* Task objective: Below are the records; give again exactly the line with "Definition comb (a", the line with "[mu] carry no", and each line that lies between them, and nothing besides.

* Provided records:
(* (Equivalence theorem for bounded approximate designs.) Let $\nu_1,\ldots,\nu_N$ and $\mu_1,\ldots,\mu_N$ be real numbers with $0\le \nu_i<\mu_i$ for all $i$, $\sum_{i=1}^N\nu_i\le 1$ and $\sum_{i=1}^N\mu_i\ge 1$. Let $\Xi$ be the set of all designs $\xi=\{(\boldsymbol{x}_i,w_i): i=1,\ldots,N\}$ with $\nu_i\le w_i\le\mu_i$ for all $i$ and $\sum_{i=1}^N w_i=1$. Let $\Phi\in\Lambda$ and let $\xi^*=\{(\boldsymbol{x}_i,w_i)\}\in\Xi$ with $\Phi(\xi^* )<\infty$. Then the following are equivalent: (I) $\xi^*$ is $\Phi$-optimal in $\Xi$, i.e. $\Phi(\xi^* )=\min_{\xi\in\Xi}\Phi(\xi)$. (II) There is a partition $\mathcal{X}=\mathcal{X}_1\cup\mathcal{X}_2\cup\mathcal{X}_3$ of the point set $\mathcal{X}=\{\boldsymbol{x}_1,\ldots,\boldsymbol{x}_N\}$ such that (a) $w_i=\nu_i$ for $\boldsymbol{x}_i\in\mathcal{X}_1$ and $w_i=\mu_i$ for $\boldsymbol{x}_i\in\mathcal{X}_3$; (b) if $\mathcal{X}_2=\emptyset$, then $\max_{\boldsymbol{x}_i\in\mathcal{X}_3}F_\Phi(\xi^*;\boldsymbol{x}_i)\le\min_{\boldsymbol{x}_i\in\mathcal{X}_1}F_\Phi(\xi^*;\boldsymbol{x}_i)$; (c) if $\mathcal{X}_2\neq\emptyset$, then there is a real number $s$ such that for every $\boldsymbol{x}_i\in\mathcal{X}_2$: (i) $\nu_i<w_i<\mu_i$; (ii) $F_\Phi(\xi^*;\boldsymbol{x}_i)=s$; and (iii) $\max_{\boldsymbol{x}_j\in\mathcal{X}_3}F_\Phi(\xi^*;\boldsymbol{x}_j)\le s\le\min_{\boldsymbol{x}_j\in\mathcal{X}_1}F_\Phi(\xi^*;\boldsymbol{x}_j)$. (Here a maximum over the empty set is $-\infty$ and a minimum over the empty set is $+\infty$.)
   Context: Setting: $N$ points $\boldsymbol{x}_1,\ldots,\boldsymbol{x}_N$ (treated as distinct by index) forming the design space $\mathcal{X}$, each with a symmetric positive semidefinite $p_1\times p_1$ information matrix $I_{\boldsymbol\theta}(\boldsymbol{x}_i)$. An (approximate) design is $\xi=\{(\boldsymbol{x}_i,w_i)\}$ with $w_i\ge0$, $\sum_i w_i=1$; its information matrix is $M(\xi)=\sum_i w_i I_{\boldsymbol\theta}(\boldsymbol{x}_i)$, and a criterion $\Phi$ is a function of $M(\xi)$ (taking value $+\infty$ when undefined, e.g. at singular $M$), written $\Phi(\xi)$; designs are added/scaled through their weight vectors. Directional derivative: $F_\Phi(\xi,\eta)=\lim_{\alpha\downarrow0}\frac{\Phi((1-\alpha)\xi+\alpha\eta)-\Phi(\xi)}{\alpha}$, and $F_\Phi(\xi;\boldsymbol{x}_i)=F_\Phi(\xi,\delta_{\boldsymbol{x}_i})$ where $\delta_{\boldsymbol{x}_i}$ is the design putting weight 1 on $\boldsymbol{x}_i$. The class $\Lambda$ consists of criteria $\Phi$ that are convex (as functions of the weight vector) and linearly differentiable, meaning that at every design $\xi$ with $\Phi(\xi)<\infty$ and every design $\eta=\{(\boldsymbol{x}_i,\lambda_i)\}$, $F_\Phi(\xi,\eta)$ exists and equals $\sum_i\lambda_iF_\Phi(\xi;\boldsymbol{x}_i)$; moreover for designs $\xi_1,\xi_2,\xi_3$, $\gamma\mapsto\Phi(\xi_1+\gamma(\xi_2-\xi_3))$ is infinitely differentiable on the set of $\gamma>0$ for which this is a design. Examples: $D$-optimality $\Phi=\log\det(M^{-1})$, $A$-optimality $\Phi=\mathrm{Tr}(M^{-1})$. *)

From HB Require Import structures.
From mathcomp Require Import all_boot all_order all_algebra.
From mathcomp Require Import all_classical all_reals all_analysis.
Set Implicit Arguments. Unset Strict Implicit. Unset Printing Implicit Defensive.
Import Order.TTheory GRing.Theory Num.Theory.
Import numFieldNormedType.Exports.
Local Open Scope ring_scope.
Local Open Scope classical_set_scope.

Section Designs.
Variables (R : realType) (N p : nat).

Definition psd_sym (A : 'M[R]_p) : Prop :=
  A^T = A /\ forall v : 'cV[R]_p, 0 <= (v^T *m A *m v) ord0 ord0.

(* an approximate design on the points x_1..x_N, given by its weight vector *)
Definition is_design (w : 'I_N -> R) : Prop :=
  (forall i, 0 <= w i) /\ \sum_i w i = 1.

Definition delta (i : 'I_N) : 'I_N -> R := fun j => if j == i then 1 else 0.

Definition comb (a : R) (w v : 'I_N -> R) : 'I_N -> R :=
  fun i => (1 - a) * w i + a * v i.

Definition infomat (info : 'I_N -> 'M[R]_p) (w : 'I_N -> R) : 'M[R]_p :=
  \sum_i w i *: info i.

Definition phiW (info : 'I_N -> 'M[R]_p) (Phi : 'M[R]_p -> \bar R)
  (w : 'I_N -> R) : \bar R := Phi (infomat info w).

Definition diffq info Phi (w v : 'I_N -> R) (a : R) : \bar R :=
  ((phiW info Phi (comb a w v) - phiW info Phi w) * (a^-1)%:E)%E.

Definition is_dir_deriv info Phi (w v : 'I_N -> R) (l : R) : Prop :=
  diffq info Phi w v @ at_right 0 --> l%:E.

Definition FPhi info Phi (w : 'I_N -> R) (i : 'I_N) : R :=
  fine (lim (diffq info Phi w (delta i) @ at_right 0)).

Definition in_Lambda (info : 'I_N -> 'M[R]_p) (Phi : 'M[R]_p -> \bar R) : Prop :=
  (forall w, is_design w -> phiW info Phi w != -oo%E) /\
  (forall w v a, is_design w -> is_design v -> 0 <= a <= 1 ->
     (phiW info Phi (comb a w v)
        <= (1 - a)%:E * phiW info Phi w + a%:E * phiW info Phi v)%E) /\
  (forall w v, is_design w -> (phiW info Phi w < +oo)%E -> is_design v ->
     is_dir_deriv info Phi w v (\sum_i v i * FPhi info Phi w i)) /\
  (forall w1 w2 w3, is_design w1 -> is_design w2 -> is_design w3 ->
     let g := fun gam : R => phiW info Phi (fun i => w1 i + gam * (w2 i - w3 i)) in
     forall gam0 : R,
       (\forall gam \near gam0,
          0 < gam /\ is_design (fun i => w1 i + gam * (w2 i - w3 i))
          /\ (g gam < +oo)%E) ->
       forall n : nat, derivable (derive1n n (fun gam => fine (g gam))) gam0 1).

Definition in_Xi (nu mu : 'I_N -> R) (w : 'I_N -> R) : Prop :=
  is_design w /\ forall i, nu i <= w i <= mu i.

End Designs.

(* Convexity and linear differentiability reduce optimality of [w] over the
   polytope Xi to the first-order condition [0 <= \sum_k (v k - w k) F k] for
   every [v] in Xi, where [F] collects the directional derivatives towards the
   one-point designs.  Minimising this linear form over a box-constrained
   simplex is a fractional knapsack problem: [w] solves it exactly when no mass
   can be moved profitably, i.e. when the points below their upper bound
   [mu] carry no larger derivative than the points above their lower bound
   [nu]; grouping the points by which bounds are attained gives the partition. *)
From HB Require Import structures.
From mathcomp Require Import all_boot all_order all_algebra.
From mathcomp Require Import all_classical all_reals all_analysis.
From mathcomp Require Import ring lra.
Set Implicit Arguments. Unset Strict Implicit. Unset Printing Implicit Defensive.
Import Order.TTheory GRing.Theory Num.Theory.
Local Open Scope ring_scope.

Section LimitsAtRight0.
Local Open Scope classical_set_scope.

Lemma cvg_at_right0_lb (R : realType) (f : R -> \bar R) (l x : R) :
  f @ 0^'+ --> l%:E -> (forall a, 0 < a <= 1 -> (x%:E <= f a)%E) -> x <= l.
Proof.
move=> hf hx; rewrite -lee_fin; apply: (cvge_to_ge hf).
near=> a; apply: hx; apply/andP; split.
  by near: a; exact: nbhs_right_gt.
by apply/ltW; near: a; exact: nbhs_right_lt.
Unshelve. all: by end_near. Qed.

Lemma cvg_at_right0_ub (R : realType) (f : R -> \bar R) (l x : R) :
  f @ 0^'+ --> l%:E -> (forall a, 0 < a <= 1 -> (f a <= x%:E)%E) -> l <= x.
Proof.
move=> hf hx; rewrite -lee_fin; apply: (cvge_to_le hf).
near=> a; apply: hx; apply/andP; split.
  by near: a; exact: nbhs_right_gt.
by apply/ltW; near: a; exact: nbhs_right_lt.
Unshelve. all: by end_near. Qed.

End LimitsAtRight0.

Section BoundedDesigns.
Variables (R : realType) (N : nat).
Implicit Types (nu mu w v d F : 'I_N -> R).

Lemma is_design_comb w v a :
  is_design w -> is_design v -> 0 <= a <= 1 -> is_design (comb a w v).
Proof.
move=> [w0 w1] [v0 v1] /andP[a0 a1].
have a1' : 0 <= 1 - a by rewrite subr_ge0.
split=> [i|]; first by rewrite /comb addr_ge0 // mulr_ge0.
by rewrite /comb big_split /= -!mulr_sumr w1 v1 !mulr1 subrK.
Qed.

...

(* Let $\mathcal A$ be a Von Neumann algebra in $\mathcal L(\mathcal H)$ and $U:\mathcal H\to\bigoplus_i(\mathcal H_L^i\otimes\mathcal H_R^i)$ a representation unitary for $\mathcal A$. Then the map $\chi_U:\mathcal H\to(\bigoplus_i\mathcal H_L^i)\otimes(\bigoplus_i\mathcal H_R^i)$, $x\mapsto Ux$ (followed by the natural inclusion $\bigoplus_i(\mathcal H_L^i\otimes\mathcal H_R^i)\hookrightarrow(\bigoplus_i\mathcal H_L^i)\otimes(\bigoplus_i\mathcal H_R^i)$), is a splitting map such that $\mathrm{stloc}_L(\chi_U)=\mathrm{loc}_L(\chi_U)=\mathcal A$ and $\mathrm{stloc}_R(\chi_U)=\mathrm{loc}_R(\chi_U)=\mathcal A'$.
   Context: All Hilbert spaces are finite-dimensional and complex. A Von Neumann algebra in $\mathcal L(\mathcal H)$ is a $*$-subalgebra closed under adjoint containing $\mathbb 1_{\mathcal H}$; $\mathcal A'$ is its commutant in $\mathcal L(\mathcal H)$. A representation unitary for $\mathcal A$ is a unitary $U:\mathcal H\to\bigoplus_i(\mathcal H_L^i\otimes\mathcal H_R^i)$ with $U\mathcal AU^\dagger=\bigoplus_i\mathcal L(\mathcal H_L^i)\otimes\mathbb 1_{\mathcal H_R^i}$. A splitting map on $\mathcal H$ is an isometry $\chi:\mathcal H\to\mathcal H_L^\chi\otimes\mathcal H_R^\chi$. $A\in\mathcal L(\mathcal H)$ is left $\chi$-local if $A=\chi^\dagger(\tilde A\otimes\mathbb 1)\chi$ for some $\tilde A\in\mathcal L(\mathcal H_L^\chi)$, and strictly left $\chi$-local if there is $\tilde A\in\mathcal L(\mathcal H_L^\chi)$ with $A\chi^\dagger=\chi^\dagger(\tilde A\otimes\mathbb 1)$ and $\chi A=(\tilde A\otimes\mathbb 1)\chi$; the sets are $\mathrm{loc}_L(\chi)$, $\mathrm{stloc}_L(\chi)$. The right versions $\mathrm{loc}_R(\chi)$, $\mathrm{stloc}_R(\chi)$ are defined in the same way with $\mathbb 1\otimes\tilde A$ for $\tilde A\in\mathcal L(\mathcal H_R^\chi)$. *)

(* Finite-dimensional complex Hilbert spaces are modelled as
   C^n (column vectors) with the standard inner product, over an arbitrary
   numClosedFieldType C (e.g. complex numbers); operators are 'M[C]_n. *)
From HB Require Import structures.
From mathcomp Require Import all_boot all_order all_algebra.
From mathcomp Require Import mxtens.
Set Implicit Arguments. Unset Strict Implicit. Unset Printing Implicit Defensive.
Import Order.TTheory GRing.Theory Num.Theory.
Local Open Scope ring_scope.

* Answer section:
Definition comb (a : R) (w v : 'I_N -> R) : 'I_N -> R :=
  fun i => (1 - a) * w i + a * v i.

Definition infomat (info : 'I_N -> 'M[R]_p) (w : 'I_N -> R) : 'M[R]_p :=
  \sum_i w i *: info i.

Definition phiW (info : 'I_N -> 'M[R]_p) (Phi : 'M[R]_p -> \bar R)
  (w : 'I_N -> R) : \bar R := Phi (infomat info w).

Definition diffq info Phi (w v : 'I_N -> R) (a : R) : \bar R :=
  ((phiW info Phi (comb a w v) - phiW info Phi w) * (a^-1)%:E)%E.

Definition is_dir_deriv info Phi (w v : 'I_N -> R) (l : R) : Prop :=
  diffq info Phi w v @ at_right 0 --> l%:E.

Definition FPhi info Phi (w : 'I_N -> R) (i : 'I_N) : R :=
  fine (lim (diffq info Phi w (delta i) @ at_right 0)).

Definition in_Lambda (info : 'I_N -> 'M[R]_p) (Phi : 'M[R]_p -> \bar R) : Prop :=
  (forall w, is_design w -> phiW info Phi w != -oo%E) /\
  (forall w v a, is_design w -> is_design v -> 0 <= a <= 1 ->
     (phiW info Phi (comb a w v)
        <= (1 - a)%:E * phiW info Phi w + a%:E * phiW info Phi v)%E) /\
  (forall w v, is_design w -> (phiW info Phi w < +oo)%E -> is_design v ->
     is_dir_deriv info Phi w v (\sum_i v i * FPhi info Phi w i)) /\
  (forall w1 w2 w3, is_design w1 -> is_design w2 -> is_design w3 ->
     let g := fun gam : R => phiW info Phi (fun i => w1 i + gam * (w2 i - w3 i)) in
     forall gam0 : R,
       (\forall gam \near gam0,
          0 < gam /\ is_design (fun i => w1 i + gam * (w2 i - w3 i))
          /\ (g gam < +oo)%E) ->
       forall n : nat, derivable (derive1n n (fun gam => fine (g gam))) gam0 1).

Definition in_Xi (nu mu : 'I_N -> R) (w : 'I_N -> R) : Prop :=
  is_design w /\ forall i, nu i <= w i <= mu i.

End Designs.

(* Convexity and linear differentiability reduce optimality of [w] over the
   polytope Xi to the first-order condition [0 <= \sum_k (v k - w k) F k] for
   every [v] in Xi, where [F] collects the directional derivatives towards the
   one-point designs.  Minimising this linear form over a box-constrained
   simplex is a fractional knapsack problem: [w] solves it exactly when no mass
   can be moved profitably, i.e. when the points below their upper bound
   [mu] carry no larger derivative than the points above their lower bound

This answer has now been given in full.